- _Task statement_
Every line below between the one holding "- exact: powR_ge0." and the one holding "exact: power_weight_near r0", inclusive, should be copied exactly, and no other line.

[[ Dataset content, beginning ]]

(* Case growth_ratio >= c eventually for every c < 1/lambda: with rho < 1 a
   convergence exponent of |z_n| and c = rho/(lambda+eps), phi(s r)^(lambda+eps)
   grows at least like r^rho, so G r = 2 r^rho and v_n = |z_n|^(-rho) work. *)
Lemma weights_liminf :
  (forall c : R, (c%:E < inv_ext lambda)%E ->
     \forall r \near +oo, c <= growth_ratio phi s r) ->
  dominating_weights phi s z (lambda + eps).
Proof.
move=> ratio_ge.
have [rho [rho0 rho1 crho]] := exponent_below_one z_nz z_exp.
set L := lambda + eps; have L0 : 0 < L by rewrite /L; have := hlambda0; have := heps; lra.
set c := rho / L.
have cL : forall x, L * (c * x) = rho * x by move=> x; rewrite /c; field; rewrite gt_eqF.
have [a [aR0 ha]] := eventually_beyond R0
  (ratio_ge c (rescaled_exponent_lt rho0 rho1 hlambda0 heps)).
have mono := log_growth_ndecr hR0 phi_pos s_gt phi_der s_der aR0
  (fun t at_ => ha t (ltW at_)).
exists (fun r => 2 * r `^ rho), (fun n => cabs (z n) `^ (- rho)),
  (2 * expR (rho * ln a - L * ln (phi (s a)))), a.
split=> [n|//||r ar].
- exact: powR_ge0.
- by rewrite mulr_ge0 ?expR_ge0.
have rR0 := lt_le_trans aR0 ar; have r0 := lt_trans hR0 rR0.
have psr : 0 < phi (s r) := phi_pos (lt_trans rR0 (s_gt rR0)).
split=> [|||n hn].
- by rewrite mulr_ge0 ?powR_ge0.
- (* h_c(a) <= h_c(r), multiplied by L, reads r^rho <= C phi(s r)^L *)
  have := mono a r (lexx a) ar; rewrite /log_growth => h.
  have h' := ler_wpM2l (ltW L0) h; rewrite !mulrBr !cL in h'.
  by rewrite -mulrA ler_pM2l // /powR !gt_eqF // -expRD ler_expR; lra.
- move=> n hn.
  exact: power_weight_near r0 (cabs_gt0 (z_nz n)) (ltW rho0) (ltW rho1) hn.
- have r2r : r <= 2 * r := ler_peMl (ltW r0) (ler1n R 2).
  exact: power_weight_far r0 (le_trans r2r hn) (ltW rho0) (ltW rho1).
Qed.

End LiminfWeights.

Section PhiWeights.
Variable R : realType.

Lemma nonneg_exponent_below_inv (c lambda : R) : 0 <= lambda ->
  (c%:E < inv_ext lambda)%E -> exists c', [/\ 0 <= c', c <= c' & c' * lambda < 1].
Proof.
move=> l0 hc; have [c0|c_pos] := lerP c 0; first by exists 0; rewrite mul0r.
exists c; split=> //; first exact: ltW.
move: hc; rewrite /inv_ext; case: eqP => [->|/eqP l_neq0]; first by rewrite mulr0.
have lpos : 0 < lambda by rewrite lt_def l_neq0.
by rewrite lte_fin -(ltr_pM2r lpos) mulVf.
Qed.

Definition phi_gauge (c mu q : R) : R := expR (c * mu * ln 2 + mu * ln q).

Lemma phi_gauge_ge1 (c mu q : R) : 0 <= c -> 0 <= mu -> 1 <= q ->
  1 <= phi_gauge c mu q.
Proof.
move=> c0 mu0 q1; rewrite /phi_gauge -[X in X <= _]expR0 ler_expR.
by rewrite addr_ge0 ?mulr_ge0 ?ln_ge0 // ler1n.
Qed.

Lemma phi_weight_near (c mu p q : R) : 0 <= c -> 0 < mu -> 0 < p ->
  ln p <= ln q + c * ln 2 -> 1 <= phi_gauge c mu q * p `^ (- mu).
Proof.
move=> c0 mu0 p0 hp; rewrite /phi_gauge /powR gt_eqF // -expRD.
rewrite -[X in X <= _]expR0 ler_expR.
by have := ler_wpM2l (ltW mu0) hp; lra.
Qed.

Lemma phi_weight_far (c mu p q r x : R) : 0 <= c -> 0 < mu -> c * mu <= 1 ->
  0 < p -> 0 < r -> r <= x -> ln p <= ln q + c * (ln x - ln r) ->
  r / x <= phi_gauge c mu q * p `^ (- mu).
Proof.
move=> c0 mu0 cmu1 p0 r0 rx hp; have x0 : 0 < x := lt_le_trans r0 rx.
have ln2 : 0 <= ln (2 : R) by rewrite ln_ge0 // ler1n.
have dx : 0 <= ln x - ln r by rewrite subr_ge0 ler_ln ?posrE.
rewrite /phi_gauge /powR gt_eqF // -expRD -[r / x]lnK ?posrE ?divr_gt0 //.
rewrite ler_expR ln_div ?posrE //.
have h1 := ler_wpM2l (ltW mu0) hp.
have h2 : 0 <= (1 - c * mu) * (ln x - ln r) by rewrite mulr_ge0 // subr_ge0.
have h3 := mulr_ge0 (mulr_ge0 c0 (ltW mu0)) ln2.
nra.
Qed.

Variables (phi : R -> R) (R0 : R) (z : nat -> Cx R).

(* the weights phi(|z_n|)^(-mu), replaced by 1 on the first N0 terms, where
   phi may be undefined *)
Definition phi_weight (N0 : nat) (mu : R) (n : nat) : R :=
  if (n < N0)%N then 1 else phi (cabs (z n)) `^ (- mu).

Lemma phi_weight_ge0 N0 mu n : 0 <= phi_weight N0 mu n.
Proof. by rewrite /phi_weight; case: ifP => // _; exact: powR_ge0. Qed.

Lemma phi_weight_summable N0 mu : (forall n, (N0 <= n)%N -> R0 < cabs (z n)) ->
  conv_exps phi R0 z mu -> cvgn (series (phi_weight N0 mu)).
Proof.
move=> zR0 [_ cmu]; rewrite -(is_cvg_series_restrict N0).
move: cmu; rewrite -(is_cvg_series_restrict N0).
suff -> : (fun n => \sum_(N0 <= k < n)
    (if R0 < cabs (z k) then phi (cabs (z k)) `^ (- mu) else 0)) =
  (fun n => \sum_(N0 <= k < n) phi_weight N0 mu k) by [].
apply/funext => n; apply: eq_big_nat => k /andP[hk _].
by rewrite /phi_weight ltnNge hk /= zR0.
Qed.

Lemma conv_exp_near (lambda d : R) : f_exp_conv phi R0 z = lambda%:E -> 0 < d ->
  exists2 mu, conv_exps phi R0 z mu & 0 < mu < lambda + d.
Proof.
rewrite /f_exp_conv => hl d0.
have : (ereal_inf [set mu%:E | mu in conv_exps phi R0 z] < (lambda + d)%:E)%E.
  by rewrite hl lte_fin ltrDl.
case/ereal_inf_lt => _ [mu hmu <-]; rewrite lte_fin => mu_lt.
by exists mu => //; rewrite mu_lt andbT; case: hmu.
Qed.

Lemma conv_exp_compatible (lambda eps c : R) : f_exp_conv phi R0 z = lambda%:E ->
  0 < eps -> 0 <= c -> c * lambda < 1 ->
  exists2 mu, conv_exps phi R0 z mu & [/\ 0 < mu, mu <= lambda + eps & c * mu <= 1].
Proof.
move=> hl e0 c0 cl; set q := (1 - c * lambda) / (c + 1).
have q0 : 0 < q by rewrite divr_gt0 // ?subr_gt0 // ltr_wpDl.
have cq : c * q <= 1 - c * lambda.
  have -> : 1 - c * lambda = (c + 1) * q by rewrite /q [RHS]mulrC divfK // gt_eqF // ltr_wpDl.
  by rewrite ler_pM2r // lerDl.
have d0 : 0 < Num.min eps q by rewrite lt_min e0 q0.
have [mu cmu /andP[mu0 mu_lt]] := conv_exp_near hl d0.
exists mu => //; split => //.
- by apply: ltW (lt_le_trans mu_lt _); rewrite lerD2l ge_min lexx.
- have : mu <= lambda + q by apply: ltW (lt_le_trans mu_lt _); rewrite lerD2l ge_min lexx orbT.
  by move=> /(ler_wpM2l c0); rewrite mulrDr; lra.
Qed.

End PhiWeights.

[[ Dataset content, end ]]

- _Task answer_
- exact: powR_ge0.
- by rewrite mulr_ge0 ?expR_ge0.
have rR0 := lt_le_trans aR0 ar; have r0 := lt_trans hR0 rR0.
have psr : 0 < phi (s r) := phi_pos (lt_trans rR0 (s_gt rR0)).
split=> [|||n hn].
- by rewrite mulr_ge0 ?powR_ge0.
- (* h_c(a) <= h_c(r), multiplied by L, reads r^rho <= C phi(s r)^L *)
  have := mono a r (lexx a) ar; rewrite /log_growth => h.
  have h' := ler_wpM2l (ltW L0) h; rewrite !mulrBr !cL in h'.
  by rewrite -mulrA ler_pM2l // /powR !gt_eqF // -expRD ler_expR; lra.
- move=> n hn.
  exact: power_weight_near r0 (cabs_gt0 (z_nz n)) (ltW rho0) (ltW rho1) hn.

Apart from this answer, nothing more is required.